* What is required
Only certain lines below are wanted: those starting at the line containing "- intros k. cbn -[INR poisson]." and ending at the line containing "pose proof (is_series_plus", both included, each retyped exactly.

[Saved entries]
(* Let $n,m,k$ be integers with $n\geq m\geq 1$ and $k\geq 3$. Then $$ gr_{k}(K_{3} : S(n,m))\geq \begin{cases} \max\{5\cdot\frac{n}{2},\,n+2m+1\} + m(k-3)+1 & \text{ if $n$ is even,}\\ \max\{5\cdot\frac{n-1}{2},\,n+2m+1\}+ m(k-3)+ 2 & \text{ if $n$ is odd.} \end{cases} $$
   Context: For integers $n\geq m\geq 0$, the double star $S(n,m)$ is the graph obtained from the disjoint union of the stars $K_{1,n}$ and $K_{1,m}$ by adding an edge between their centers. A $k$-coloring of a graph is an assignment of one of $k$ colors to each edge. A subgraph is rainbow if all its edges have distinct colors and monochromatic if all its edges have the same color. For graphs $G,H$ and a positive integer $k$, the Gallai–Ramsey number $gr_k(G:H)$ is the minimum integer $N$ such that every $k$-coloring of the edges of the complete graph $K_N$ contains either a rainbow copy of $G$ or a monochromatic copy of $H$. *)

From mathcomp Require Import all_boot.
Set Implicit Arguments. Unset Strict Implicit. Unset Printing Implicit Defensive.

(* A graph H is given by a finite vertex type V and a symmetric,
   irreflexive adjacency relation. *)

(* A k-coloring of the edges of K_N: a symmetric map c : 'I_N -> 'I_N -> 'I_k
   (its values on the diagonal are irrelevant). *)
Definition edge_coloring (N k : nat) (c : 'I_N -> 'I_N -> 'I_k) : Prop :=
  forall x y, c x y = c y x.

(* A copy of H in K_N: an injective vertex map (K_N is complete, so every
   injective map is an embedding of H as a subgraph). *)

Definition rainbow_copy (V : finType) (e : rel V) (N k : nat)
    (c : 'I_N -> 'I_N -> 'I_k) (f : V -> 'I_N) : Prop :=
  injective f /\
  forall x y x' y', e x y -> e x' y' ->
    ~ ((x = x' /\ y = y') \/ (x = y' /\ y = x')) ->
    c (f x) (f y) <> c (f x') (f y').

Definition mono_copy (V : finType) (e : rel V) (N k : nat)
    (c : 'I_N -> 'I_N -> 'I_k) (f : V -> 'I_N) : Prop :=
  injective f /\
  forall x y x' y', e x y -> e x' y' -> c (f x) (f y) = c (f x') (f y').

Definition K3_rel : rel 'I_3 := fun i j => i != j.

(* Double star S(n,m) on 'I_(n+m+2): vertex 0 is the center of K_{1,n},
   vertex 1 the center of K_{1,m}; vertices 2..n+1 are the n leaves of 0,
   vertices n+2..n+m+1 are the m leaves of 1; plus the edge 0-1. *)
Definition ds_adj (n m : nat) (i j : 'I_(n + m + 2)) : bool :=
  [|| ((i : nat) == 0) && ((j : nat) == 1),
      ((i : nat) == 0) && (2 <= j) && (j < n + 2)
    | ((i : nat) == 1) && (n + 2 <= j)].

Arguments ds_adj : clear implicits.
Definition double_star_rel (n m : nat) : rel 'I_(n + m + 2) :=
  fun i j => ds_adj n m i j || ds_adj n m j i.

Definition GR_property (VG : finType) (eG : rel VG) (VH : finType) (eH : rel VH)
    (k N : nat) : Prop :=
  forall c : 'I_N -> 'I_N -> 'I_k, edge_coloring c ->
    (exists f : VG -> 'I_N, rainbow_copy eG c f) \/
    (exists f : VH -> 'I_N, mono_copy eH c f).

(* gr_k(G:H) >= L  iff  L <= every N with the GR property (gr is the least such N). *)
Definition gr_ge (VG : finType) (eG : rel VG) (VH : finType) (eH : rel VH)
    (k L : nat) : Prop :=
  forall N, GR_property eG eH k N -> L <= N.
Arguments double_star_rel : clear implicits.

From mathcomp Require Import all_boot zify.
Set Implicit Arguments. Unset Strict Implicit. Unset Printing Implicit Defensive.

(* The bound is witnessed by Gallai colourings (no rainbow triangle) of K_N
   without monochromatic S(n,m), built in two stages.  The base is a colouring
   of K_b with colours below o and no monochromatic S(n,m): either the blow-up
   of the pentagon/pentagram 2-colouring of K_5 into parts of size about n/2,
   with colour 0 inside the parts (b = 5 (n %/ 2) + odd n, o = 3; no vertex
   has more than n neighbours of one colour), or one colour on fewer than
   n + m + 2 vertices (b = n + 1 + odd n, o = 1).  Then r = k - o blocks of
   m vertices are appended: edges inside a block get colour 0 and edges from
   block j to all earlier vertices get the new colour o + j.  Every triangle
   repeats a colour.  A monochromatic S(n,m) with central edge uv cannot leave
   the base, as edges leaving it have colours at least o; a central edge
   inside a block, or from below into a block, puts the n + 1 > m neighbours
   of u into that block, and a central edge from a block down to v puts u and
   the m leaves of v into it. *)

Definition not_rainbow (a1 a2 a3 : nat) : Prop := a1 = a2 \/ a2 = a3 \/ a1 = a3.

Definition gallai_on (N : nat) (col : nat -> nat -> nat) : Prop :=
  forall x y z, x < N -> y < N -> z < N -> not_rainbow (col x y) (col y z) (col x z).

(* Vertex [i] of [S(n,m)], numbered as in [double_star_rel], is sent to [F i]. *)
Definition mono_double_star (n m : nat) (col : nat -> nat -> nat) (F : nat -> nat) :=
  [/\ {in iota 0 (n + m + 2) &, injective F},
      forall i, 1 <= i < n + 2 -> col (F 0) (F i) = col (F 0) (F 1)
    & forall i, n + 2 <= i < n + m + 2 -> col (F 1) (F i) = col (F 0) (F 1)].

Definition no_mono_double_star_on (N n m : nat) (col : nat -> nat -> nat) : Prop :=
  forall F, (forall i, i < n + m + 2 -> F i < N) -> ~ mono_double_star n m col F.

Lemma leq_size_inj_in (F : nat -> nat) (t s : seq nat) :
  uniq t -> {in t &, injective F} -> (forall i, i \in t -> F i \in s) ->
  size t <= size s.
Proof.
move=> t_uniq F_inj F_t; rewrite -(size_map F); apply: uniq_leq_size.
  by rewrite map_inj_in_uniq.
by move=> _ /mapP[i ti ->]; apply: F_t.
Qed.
...
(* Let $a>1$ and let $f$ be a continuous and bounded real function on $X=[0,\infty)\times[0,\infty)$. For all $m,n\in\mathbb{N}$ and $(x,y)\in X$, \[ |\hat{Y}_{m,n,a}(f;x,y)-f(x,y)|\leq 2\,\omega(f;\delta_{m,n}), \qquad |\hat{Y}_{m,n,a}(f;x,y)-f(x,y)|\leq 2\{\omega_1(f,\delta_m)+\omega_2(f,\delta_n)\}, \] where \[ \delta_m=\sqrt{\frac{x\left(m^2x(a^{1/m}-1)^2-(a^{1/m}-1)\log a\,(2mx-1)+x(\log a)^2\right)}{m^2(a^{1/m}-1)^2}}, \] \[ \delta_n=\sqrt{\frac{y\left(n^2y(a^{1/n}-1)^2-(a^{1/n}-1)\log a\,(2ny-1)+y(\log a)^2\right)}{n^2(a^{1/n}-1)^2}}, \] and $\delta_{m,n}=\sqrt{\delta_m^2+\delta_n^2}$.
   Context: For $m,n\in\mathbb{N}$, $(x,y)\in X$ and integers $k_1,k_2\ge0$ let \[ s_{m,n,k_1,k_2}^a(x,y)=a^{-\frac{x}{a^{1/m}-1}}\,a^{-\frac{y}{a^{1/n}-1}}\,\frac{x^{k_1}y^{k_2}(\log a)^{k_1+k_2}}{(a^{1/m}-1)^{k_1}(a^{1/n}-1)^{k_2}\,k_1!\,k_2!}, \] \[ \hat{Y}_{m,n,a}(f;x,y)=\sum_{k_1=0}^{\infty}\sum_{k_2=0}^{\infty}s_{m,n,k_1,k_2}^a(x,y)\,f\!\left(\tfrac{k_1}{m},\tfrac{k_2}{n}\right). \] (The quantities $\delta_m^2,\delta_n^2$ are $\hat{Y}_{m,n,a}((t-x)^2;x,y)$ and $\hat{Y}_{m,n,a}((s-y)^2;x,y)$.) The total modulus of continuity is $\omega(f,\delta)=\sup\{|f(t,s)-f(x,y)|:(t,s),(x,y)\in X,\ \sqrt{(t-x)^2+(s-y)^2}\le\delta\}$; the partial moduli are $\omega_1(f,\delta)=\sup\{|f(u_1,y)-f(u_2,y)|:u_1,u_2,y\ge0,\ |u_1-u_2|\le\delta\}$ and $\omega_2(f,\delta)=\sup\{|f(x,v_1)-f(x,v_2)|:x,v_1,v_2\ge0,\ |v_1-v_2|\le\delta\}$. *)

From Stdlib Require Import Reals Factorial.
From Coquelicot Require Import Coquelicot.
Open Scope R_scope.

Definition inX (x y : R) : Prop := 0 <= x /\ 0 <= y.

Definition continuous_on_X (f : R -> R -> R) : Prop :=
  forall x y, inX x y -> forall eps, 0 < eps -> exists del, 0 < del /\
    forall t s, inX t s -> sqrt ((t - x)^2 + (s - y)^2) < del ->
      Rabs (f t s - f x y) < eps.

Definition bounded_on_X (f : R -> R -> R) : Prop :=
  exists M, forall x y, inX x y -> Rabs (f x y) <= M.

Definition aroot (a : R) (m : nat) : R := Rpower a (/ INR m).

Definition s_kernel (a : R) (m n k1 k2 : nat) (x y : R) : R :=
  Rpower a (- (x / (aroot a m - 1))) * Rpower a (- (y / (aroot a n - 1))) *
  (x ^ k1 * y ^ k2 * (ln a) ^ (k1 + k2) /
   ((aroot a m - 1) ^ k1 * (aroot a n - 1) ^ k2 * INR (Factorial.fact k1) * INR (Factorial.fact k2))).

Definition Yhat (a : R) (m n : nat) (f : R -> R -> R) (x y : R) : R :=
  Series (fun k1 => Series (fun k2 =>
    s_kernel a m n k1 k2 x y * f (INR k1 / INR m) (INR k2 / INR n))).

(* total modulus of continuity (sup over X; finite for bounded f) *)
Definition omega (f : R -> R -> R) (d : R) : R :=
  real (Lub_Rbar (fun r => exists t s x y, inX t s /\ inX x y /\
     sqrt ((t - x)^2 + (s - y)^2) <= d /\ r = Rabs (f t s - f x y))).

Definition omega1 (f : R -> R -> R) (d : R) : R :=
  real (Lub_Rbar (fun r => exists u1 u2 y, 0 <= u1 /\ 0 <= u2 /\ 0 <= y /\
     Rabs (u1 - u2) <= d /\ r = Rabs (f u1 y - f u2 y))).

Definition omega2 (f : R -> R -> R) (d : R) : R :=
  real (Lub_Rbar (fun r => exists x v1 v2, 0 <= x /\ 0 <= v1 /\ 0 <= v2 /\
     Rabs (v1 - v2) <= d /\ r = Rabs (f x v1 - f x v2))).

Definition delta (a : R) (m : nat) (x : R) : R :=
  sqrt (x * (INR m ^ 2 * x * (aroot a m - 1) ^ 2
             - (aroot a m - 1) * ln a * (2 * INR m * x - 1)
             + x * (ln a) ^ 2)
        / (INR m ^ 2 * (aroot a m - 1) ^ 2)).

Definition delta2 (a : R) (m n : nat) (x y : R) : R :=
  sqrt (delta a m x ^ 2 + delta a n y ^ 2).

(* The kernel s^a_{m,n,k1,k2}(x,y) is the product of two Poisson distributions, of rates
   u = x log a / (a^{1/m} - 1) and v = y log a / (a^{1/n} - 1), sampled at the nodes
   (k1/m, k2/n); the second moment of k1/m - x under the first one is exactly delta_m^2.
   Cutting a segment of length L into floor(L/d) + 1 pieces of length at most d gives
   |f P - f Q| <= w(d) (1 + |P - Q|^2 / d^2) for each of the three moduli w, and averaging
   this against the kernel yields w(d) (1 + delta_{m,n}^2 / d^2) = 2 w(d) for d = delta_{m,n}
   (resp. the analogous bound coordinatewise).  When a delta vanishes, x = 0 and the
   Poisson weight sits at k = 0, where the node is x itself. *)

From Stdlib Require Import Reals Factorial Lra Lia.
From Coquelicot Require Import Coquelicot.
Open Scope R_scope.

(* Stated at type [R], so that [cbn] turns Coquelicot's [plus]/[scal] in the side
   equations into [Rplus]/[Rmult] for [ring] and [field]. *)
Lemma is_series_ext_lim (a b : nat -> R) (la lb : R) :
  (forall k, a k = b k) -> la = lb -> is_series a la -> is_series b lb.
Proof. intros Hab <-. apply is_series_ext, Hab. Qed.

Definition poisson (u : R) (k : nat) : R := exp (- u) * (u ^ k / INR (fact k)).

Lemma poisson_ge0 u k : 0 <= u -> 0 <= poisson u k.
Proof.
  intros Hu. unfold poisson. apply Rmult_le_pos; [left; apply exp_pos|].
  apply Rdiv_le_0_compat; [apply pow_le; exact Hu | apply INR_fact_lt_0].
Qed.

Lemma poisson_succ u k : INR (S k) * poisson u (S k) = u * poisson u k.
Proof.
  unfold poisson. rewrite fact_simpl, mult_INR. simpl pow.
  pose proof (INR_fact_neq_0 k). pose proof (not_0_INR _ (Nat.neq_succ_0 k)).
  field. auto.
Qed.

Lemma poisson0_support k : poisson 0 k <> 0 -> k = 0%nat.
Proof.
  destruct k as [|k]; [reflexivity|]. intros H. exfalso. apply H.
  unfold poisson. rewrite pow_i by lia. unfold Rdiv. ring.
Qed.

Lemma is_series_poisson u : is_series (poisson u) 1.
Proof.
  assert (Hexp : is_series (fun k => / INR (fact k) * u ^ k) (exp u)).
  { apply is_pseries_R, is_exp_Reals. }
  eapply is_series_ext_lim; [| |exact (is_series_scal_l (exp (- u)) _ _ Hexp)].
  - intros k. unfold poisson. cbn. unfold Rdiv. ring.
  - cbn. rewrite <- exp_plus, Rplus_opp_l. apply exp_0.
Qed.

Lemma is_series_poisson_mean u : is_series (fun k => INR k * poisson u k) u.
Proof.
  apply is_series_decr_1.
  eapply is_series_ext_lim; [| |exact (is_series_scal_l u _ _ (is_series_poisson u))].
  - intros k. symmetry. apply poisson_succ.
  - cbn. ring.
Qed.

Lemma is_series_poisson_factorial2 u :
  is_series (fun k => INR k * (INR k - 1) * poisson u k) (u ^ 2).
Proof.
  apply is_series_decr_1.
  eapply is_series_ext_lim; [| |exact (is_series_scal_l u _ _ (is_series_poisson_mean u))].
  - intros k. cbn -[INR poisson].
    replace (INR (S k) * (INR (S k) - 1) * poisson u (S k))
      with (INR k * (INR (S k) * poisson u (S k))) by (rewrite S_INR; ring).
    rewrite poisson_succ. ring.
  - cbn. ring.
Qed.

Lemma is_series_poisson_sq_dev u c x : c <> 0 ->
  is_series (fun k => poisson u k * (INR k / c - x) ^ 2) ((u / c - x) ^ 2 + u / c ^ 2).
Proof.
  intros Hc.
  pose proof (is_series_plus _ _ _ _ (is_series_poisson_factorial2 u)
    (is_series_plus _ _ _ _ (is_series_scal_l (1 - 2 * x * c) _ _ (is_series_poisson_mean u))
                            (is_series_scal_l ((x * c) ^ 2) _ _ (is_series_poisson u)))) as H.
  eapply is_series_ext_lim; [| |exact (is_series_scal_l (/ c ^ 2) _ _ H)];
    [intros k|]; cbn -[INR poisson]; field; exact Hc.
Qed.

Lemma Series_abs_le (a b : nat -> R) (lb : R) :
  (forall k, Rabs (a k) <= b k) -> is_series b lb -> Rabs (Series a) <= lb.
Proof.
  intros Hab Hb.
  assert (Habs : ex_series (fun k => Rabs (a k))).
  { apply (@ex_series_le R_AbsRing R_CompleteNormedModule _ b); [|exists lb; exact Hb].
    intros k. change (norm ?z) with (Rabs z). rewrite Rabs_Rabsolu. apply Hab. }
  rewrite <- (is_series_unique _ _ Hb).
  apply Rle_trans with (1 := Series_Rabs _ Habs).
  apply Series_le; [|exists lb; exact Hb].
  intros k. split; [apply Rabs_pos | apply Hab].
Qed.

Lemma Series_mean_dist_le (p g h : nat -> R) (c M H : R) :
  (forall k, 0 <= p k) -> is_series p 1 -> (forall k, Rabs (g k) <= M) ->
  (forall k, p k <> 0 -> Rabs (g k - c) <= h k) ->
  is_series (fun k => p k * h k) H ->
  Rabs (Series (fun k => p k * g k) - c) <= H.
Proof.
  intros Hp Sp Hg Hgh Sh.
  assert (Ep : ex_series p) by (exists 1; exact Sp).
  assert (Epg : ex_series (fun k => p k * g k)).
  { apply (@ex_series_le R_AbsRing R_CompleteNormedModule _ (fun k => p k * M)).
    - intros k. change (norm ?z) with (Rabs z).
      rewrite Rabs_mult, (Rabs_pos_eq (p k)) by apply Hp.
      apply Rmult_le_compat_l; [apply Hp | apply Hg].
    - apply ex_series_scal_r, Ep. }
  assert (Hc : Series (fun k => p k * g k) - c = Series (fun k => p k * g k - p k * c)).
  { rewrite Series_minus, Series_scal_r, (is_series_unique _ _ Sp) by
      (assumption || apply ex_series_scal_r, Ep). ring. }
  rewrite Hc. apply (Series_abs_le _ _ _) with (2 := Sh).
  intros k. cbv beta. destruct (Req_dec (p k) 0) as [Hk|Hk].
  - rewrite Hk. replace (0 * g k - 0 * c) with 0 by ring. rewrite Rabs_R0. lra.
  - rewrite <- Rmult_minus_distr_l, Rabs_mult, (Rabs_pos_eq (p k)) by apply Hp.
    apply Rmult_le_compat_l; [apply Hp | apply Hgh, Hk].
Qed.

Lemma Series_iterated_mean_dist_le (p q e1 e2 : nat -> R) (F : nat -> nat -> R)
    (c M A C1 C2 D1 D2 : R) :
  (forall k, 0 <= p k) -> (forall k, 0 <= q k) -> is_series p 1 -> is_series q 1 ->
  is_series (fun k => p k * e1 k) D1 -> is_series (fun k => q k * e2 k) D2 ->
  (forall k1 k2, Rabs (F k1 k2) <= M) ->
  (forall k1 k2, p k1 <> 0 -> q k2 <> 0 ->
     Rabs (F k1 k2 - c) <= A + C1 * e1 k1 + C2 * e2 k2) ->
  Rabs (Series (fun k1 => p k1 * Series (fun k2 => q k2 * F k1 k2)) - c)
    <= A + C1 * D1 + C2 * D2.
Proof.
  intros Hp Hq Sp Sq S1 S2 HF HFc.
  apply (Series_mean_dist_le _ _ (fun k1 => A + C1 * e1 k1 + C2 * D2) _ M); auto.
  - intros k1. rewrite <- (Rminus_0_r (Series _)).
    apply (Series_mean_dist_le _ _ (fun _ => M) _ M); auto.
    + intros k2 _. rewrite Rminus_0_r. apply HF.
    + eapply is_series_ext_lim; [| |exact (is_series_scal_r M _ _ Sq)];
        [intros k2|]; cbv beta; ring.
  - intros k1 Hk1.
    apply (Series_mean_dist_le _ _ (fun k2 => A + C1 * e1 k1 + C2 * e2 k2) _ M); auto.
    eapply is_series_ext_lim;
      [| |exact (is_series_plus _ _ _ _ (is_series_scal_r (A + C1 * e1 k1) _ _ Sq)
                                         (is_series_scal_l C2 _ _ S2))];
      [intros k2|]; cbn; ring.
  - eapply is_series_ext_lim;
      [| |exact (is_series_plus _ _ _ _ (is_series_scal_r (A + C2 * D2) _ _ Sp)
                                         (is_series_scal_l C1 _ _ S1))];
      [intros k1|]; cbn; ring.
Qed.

* Task output
  - intros k. cbn -[INR poisson].
    replace (INR (S k) * (INR (S k) - 1) * poisson u (S k))
      with (INR k * (INR (S k) * poisson u (S k))) by (rewrite S_INR; ring).
    rewrite poisson_succ. ring.
  - cbn. ring.
Qed.

Lemma is_series_poisson_sq_dev u c x : c <> 0 ->
  is_series (fun k => poisson u k * (INR k / c - x) ^ 2) ((u / c - x) ^ 2 + u / c ^ 2).
Proof.
  intros Hc.
  pose proof (is_series_plus _ _ _ _ (is_series_poisson_factorial2 u)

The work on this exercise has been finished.